↓
(* Let $\gamma:[0,1]\to\mathbb{R}_+$ be a differentiable increasing function with $\gamma(x)>0$ for $x>0$, and assume $\lim_{x\downarrow0}x\gamma'(x)/\gamma(x)=0$. Then $$\lim_{x\downarrow0}\frac{1}{\gamma(x)}\int_0^{1/2}\gamma(xy)\frac{dy}{y\sqrt{\log(1/y)}}=\infty .$$ *)

From HB Require Import structures.
From mathcomp Require Import all_boot all_order all_algebra.
From mathcomp Require Import all_classical all_reals all_analysis.
Set Implicit Arguments. Unset Strict Implicit. Unset Printing Implicit Defensive.
Import Order.TTheory GRing.Theory Num.Theory.
Import numFieldNormedType.Exports.
Local Open Scope classical_set_scope.
Local Open Scope ring_scope.

Definition differentiable_on_01 {R : realType} (g : R -> R) : Prop :=
  [/\ {in `]0, 1[, forall x, derivable g x 1},
      cvg ((fun h => (g h - g 0) / h) @ 0^'+) &
      cvg ((fun h => (g h - g 1) / (h - 1)) @ 1^'-)].

From HB Require Import structures.
From mathcomp Require Import all_boot all_order all_algebra.
From mathcomp Require Import all_classical all_reals all_analysis.
From mathcomp Require Import ring lra.
Import Order.TTheory GRing.Theory Num.Theory.
Import numFieldNormedType.Exports.
Local Open Scope classical_set_scope.
Local Open Scope ring_scope.

(* Since x gamma'(x) / gamma(x) -> 0, the mean value theorem gives
   gamma(a x) >= gamma(x) / 2 for every fixed a in (0, 1) once x is small.
   Take a = exp(-s^2): on [a, 1/2] the weight 1 / (y sqrt(ln (1/y))) is at
   least 1 / (s y), so the integral is at least
   gamma(a x) / s * (ln (1/2) - ln a) >= gamma(x) (s^2 - ln 2) / (2 s),
   and s can be taken as large as we please. *)

(* No measurability is needed: both integrals are suprema over nonnegative
   simple functions, and those below g on D' extend by 0 to ones below f on D. *)
Lemma ge0_le_integral_subset d (T : measurableType d) (R : realType)
    (mu : {measure set T -> \bar R}) (D D' : set T) (f g : T -> \bar R) :
  D' `<=` D -> (forall x, D x -> (0 <= f x)%E) ->
  (forall x, D' x -> (0 <= g x)%E) -> (forall x, D' x -> (g x <= f x)%E) ->
  (\int[mu]_(x in D') g x <= \int[mu]_(x in D) f x)%E.
Proof.
move=> D'D f_ge0 g_ge0 gf; rewrite !ge0_integralE//.
apply: ereal_sup_le => _ [h hg <-]; exists h => // x.
apply: le_trans (hg x) _; rewrite /patch.
case: ifPn => [/[!inE] D'x|_]; first by rewrite ifT ?inE; [exact: gf | exact: D'D].
by case: ifPn => [/[!inE] /f_ge0|].
Qed.

Lemma integral_itv_cst_divx (R : realType) (c a b : R) : 0 < a -> a < b ->
  (\int[lebesgue_measure]_(y in `[a, b]) (c / y)%:E = (c * (ln b - ln a))%:E)%E.
Proof.
move=> a_gt0 ab.
pose F y := c * @ln R y.
have F'E (y : R) : 0 < y -> is_derive y 1 F (c / y).
  by move=> y_gt0; apply: is_deriveZ; exact: is_derive1_ln.
have F_cont (y : R) : 0 < y -> {for y, continuous F}.
  by move=> y_gt0; apply: continuousM; [exact: cst_continuous | exact: continuous_ln].
rewrite (@continuous_FTC2 _ _ F) // -?EFinB -?mulrBr //.
- apply: continuous_in_subspaceT => y; rewrite inE /= in_itv /= => /andP[ay _].
  apply: continuousM; first exact: cst_continuous.
  by apply: inv_continuous; rewrite gt_eqF// (lt_le_trans a_gt0).
- split.
  + move=> y /[!in_itv] /= /andP[ay _].
    by apply: ex_derive; apply: F'E; exact: lt_trans ay.
  + by apply: cvg_at_right_filter; apply: F_cont.
  + by apply: cvg_at_left_filter; apply: F_cont; exact: lt_trans ab.
- move=> y /[!in_itv] /= /andP[ay _].
  by rewrite derive1E (derive_val (is_derive := F'E y (lt_trans a_gt0 ay))).
Qed.

Lemma near_right0_forall_le (R : realType) (P : R -> Prop) :
  (\forall t \near 0^'+, P t) -> \forall x \near 0^'+, forall t, 0 < t <= x -> P t.
Proof.
move=> /nbhs_ballP[d /= d_gt0 Pd]; near=> x => t /andP[t_gt0 tx].
have x_lt_d : x < d by near: x; exact: nbhs_right_lt.
apply: Pd => //; rewrite /ball /= sub0r normrN gtr0_norm// (le_lt_trans tx).
Unshelve. all: by end_near. Qed.

Lemma expR_sqr_gt2 (R : realType) (s : R) : 1 < s -> 2 < expR (s ^+ 2).
Proof. by move=> s_gt1; apply: lt_le_trans (expR_ge1Dx _); nra. Qed.

Section slowly_varying.
Context {R : realType} {g : R -> R}.
Hypothesis g_derivable : {in `]0, 1[, forall x, derivable g x 1}.
Hypothesis g_homo : {in `[0, 1] &, {homo g : x y / x <= y}}.
Hypothesis g_ge0 : forall x, 0 <= x <= 1 -> 0 <= g x.
Hypothesis g_gt0 : forall x, 0 < x <= 1 -> 0 < g x.

Lemma near0_elasticity_le (eps : R) : 0 < eps ->
  (fun x => x * derive1 g x / g x) @ 0^'+ --> 0 ->
  \forall x \near 0^'+, forall t, 0 < t <= x -> t * derive1 g t <= eps * g t.
Proof.
move=> eps_gt0 /cvgrPdist_lt/(_ eps eps_gt0) close.
apply: near_right0_forall_le; near=> t.
have gt_gt0 : 0 < g t.
  by apply: g_gt0; apply/andP; split; [|apply: ltW]; near: t;
    [exact: nbhs_right_gt | exact: nbhs_right_lt].
rewrite -ler_pdivrMr //; apply: ltW; apply: le_lt_trans (ler_norm _) _.
by rewrite -normrN -sub0r; near: t.
Unshelve. all: by end_near. Qed.

Lemma sub_scale_le (eps a x : R) : 0 <= eps -> 0 < a < 1 -> 0 < x < 1 ->
  (forall t, a * x < t < x -> t * derive1 g t <= eps * g t) ->
  g x - g (a * x) <= eps / a * g x.
Proof.
move=> eps_ge0 /andP[a_gt0 a_lt1] /andP[x_gt0 x_lt1] elasticity.
have ax_lt_x : a * x < x by rewrite gtr_pMl.
have ax_gt0 : 0 < a * x by rewrite mulr_gt0.
have in01 t : a * x <= t <= x -> t \in `]0, 1[.
  by move=> /andP[axt tx]; rewrite in_itv /= (lt_le_trans ax_gt0) ?(le_lt_trans tx).
have g_cont : {within `[a * x, x], continuous g}.
  by apply: derivable_within_continuous => t /[!in_itv] /in01 /g_derivable.
have g_deriv t : t \in `]a * x, x[ -> is_derive t 1 g (derive1 g t).
  move=> /[!in_itv] /= /andP[axt tx]; rewrite derive1E; apply: derivableP.
  by apply/g_derivable/in01; rewrite !ltW.
have [c /[!in_itv] /= /andP[axc cx] ->] := MVT ax_lt_x g_deriv g_cont.
have c_gt0 : 0 < c := lt_trans ax_gt0 axc.
have gx_ge0 : 0 <= g x by apply: g_ge0; rewrite ltW // ltW.
have cg'c_le : c * derive1 g c <= eps * g x.
  apply: le_trans (elasticity c _) _; first by rewrite axc.
  by rewrite ler_wpM2l // g_homo ?in_itv /= ?ltW // ?(lt_trans c_gt0) ?(lt_trans cx).
have -> : derive1 g c * (x - a * x) = c * derive1 g c * ((x - a * x) / c).
  by field; rewrite gt_eqF.
apply: le_trans (ler_wpM2r _ cg'c_le) _.
  by rewrite divr_ge0 ?subr_ge0 ?ltW.
rewrite mulrAC; apply: ler_wpM2r => //; apply: ler_wpM2l => //.
by rewrite ler_pdivrMr // [a^-1 * c]mulrC ler_pdivlMr //; nra.
Qed.

Lemma half_le_scale (a x : R) : 0 < a < 1 -> 0 < x < 1 ->
  (forall t, 0 < t <= x -> t * derive1 g t <= a / 2 * g t) ->
  g x / 2 <= g (x * a).
Proof.
move=> a01 x01 elasticity; have /andP[a_gt0 _] := a01; have /andP[x_gt0 _] := x01.
have eps_ge0 : 0 <= a / 2 by rewrite divr_ge0 ?ltW.
have sub_le : g x - g (a * x) <= a / 2 / a * g x.
  apply: (sub_scale_le _ _ _ eps_ge0 a01 x01) => t /andP[axt tx].
  by apply: elasticity; rewrite (lt_trans _ axt) ?mulr_gt0 // ltW.
by move: sub_le; rewrite [a / 2 / a]mulrAC divff ?gt_eqF // mul1r [a * x]mulrC; lra.
Qed.

Lemma integrand_ge (s x y : R) : 0 < s -> 0 < x <= 1 ->
  expR (- s ^+ 2) <= y <= 2^-1 ->
  g (x * expR (- s ^+ 2)) / s / y <= g (x * y) / (y * Num.sqrt (ln y^-1)).
Proof.
set a := expR _ => s_gt0 /andP[x_gt0 x_le1] /andP[ay y_le_half].
have a_gt0 : 0 < a := expR_gt0 _.
have y_gt0 : 0 < y := lt_le_trans a_gt0 ay.
have ln_invy_gt0 : 0 < ln y^-1 by rewrite ln_gt0 // invf_gt1 //; lra.
have sqrt_le_s : Num.sqrt (ln y^-1) <= s.
  rewrite -[s]ger0_norm; last exact: ltW.
  rewrite -sqrtr_sqr ler_sqrt ?sqr_ge0 //.
  by rewrite -[s ^+ 2]opprK -(expRK (- s ^+ 2)) -lnV ?posrE // ler_ln ?posrE ?invr_gt0 // lef_pV2.
have in01 z : 0 < z <= 2^-1 -> 0 <= x * z <= 1.
  by move=> /andP[z_gt0 z_le]; rewrite mulr_ge0 ?ltW //=; nra.
rewrite -mulrA -invfM; apply: ler_pM.
- by apply/g_ge0/in01; rewrite a_gt0 (le_trans ay).
- by rewrite invr_ge0 mulr_ge0 ?ltW.
- apply: g_homo; rewrite ?in_itv /= ?in01 ?a_gt0 ?y_gt0 ?(le_trans ay) //.
  by rewrite ler_pM2l.
- by rewrite lef_pV2 ?posrE ?mulr_gt0 ?sqrtr_gt0 // mulrC ler_pM2r.
Qed.

Lemma integral_ge (s x : R) : 1 < s -> 0 < x <= 1 ->
  ((g (x * expR (- s ^+ 2)) / s * (s ^+ 2 - ln 2))%:E <=
   \int[lebesgue_measure]_(y in `]0%R, (2^-1)%R])
     (g (x * y) / (y * Num.sqrt (ln y^-1)))%:E)%E.
Proof.
set a := expR _ => s_gt1 /andP[x_gt0 x_le1].
have a_gt0 : 0 < a := expR_gt0 _.
have s_gt0 : 0 < s := lt_trans ltr01 s_gt1.
have a_lt_half : a < 2^-1.
  by rewrite /a expRN ltf_pV2 ?posrE ?expR_gt0 // expR_sqr_gt2.
have gxy_ge0 y : 0 < y <= 2^-1 -> 0 <= g (x * y).
  by move=> /andP[y_gt0 y_le]; apply: g_ge0; rewrite mulr_ge0 ?ltW //=; nra.
have -> : s ^+ 2 - ln 2 = ln 2^-1 - ln a by rewrite lnV ?posrE // expRK; lra.
rewrite -integral_itv_cst_divx //; apply: ge0_le_integral_subset.
- by move=> y /=; rewrite !in_itv /= => /andP[/(lt_le_trans a_gt0) -> ->].
- move=> y /=; rewrite in_itv /= => /andP[y_gt0 y_le]; rewrite lee_fin.
  by rewrite divr_ge0 ?gxy_ge0 ?y_gt0 // mulr_ge0 ?sqrtr_ge0 // ltW.
- move=> y /=; rewrite in_itv /= => /andP[ay y_le]; rewrite lee_fin.
  have y_gt0 := lt_le_trans a_gt0 ay.
  by rewrite !divr_ge0 ?gxy_ge0 ?a_gt0 ?(ltW a_lt_half) // ltW.
- move=> y /=; rewrite in_itv /= => ay_le; rewrite lee_fin.
  by apply: integrand_ge => //; rewrite x_gt0.
Qed.

Lemma ratio_integral_ge (s x : R) : 1 < s -> 0 < x <= 1 ->
  g x / 2 <= g (x * expR (- s ^+ 2)) ->
  (((s ^+ 2 - ln 2) / (2 * s))%:E <= ((g x)^-1)%:E *
   \int[lebesgue_measure]_(y in `]0%R, (2^-1)%R])
     (g (x * y) / (y * Num.sqrt (ln y^-1)))%:E)%E.
Proof.
move=> s_gt1 x01 half_le; have gx_gt0 := g_gt0 _ x01.
have s_gt0 : 0 < s := lt_trans ltr01 s_gt1.
apply: le_trans (lee_wpmul2l _ (integral_ge _ _ s_gt1 x01)) => /=; last first.
  by rewrite lee_fin invr_ge0 ltW.
have ln2_lt : ln 2 < s ^+ 2 by rewrite -ltr_expR lnK ?posrE ?expR_sqr_gt2.
rewrite -EFinM lee_fin.
set H := g (x * _); set Y := s ^+ 2 - ln 2.
rewrite (_ : (g x)^-1 * _ = 2 * ((g x)^-1 * H) * (Y / (2 * s))); last first.
  by field; rewrite !gt_eqF.
have Y_ge0 : 0 <= Y / (2 * s) by rewrite divr_ge0 ?mulr_ge0 ?(ltW s_gt0) // subr_ge0 ltW.
rewrite ler_peMl // [_ * H]mulrC mulrA ler_pdivlMr // /H; lra.
Qed.

End slowly_varying.

Theorem proposition2p10 (R : realType) (gamma : R -> R) :
  differentiable_on_01 gamma ->
  {in `[0, 1] &, {homo gamma : x y / x <= y}} ->
  (forall x, 0 <= x <= 1 -> 0 <= gamma x) ->
  (forall x, 0 < x <= 1 -> 0 < gamma x) ->
  (fun x => x * derive1 gamma x / gamma x) @ 0^'+ --> 0 ->
  (fun x => ((gamma x)^-1)%:E *
     (\int[lebesgue_measure]_(y in `]0%R, (2^-1)%R])
        ((gamma (x * y)) / (y * Num.sqrt (ln y^-1)))%:E))%E
    @ 0^'+ --> +oo%E.
Proof.
move=> [g_derivable _ _] g_homo g_ge0 g_gt0 elasticity_cvg0.
apply/cvgeyPge => A.
pose s := 2 * `|A| + 3; pose a := expR (- s ^+ 2).
have s_gt1 : 1 < s by rewrite /s; have := normr_ge0 A; lra.
have s_gt0 : 0 < s := lt_trans ltr01 s_gt1.
have a01 : 0 < a < 1 by rewrite expR_gt0 expR_lt1 oppr_lt0 exprn_gt0.
have A_le : A <= (s ^+ 2 - ln 2) / (2 * s).
  rewrite ler_pdivlMr ?mulr_gt0 // /s.
  have := ln_sublinear (ltr0n R 2); have := ler_norm A; have := normr_ge0 A; nra.
have small_elasticity : \forall x \near 0^'+,
    forall t, 0 < t <= x -> t * derive1 gamma t <= a / 2 * gamma t.
  by apply: (near0_elasticity_le g_gt0) => //; case/andP: a01 => a_gt0 _; rewrite divr_gt0.
near=> x.
have x01 : 0 < x < 1.
  by apply/andP; split; near: x; [exact: nbhs_right_gt | exact: nbhs_right_lt].
apply: le_trans (ratio_integral_ge g_homo g_ge0 g_gt0 _ _ s_gt1 _ _).
- by rewrite lee_fin.
- by case/andP: x01 => -> /ltW ->.
- apply: (half_le_scale g_derivable g_homo g_ge0 _ _ a01 x01).
  exact: (near small_elasticity x).
Unshelve. all: by end_near. Qed.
↑
Problem statement: Word for word, reproduce the listing from its first line through the line that has "From mathcomp Require Import ring lra." in it, and go no further.

Response area:
(* Let $\gamma:[0,1]\to\mathbb{R}_+$ be a differentiable increasing function with $\gamma(x)>0$ for $x>0$, and assume $\lim_{x\downarrow0}x\gamma'(x)/\gamma(x)=0$. Then $$\lim_{x\downarrow0}\frac{1}{\gamma(x)}\int_0^{1/2}\gamma(xy)\frac{dy}{y\sqrt{\log(1/y)}}=\infty .$$ *)

From HB Require Import structures.
From mathcomp Require Import all_boot all_order all_algebra.
From mathcomp Require Import all_classical all_reals all_analysis.
Set Implicit Arguments. Unset Strict Implicit. Unset Printing Implicit Defensive.
Import Order.TTheory GRing.Theory Num.Theory.
Import numFieldNormedType.Exports.
Local Open Scope classical_set_scope.
Local Open Scope ring_scope.

Definition differentiable_on_01 {R : realType} (g : R -> R) : Prop :=
  [/\ {in `]0, 1[, forall x, derivable g x 1},
      cvg ((fun h => (g h - g 0) / h) @ 0^'+) &
      cvg ((fun h => (g h - g 1) / (h - 1)) @ 1^'-)].

From HB Require Import structures.
From mathcomp Require Import all_boot all_order all_algebra.
From mathcomp Require Import all_classical all_reals all_analysis.
From mathcomp Require Import ring lra.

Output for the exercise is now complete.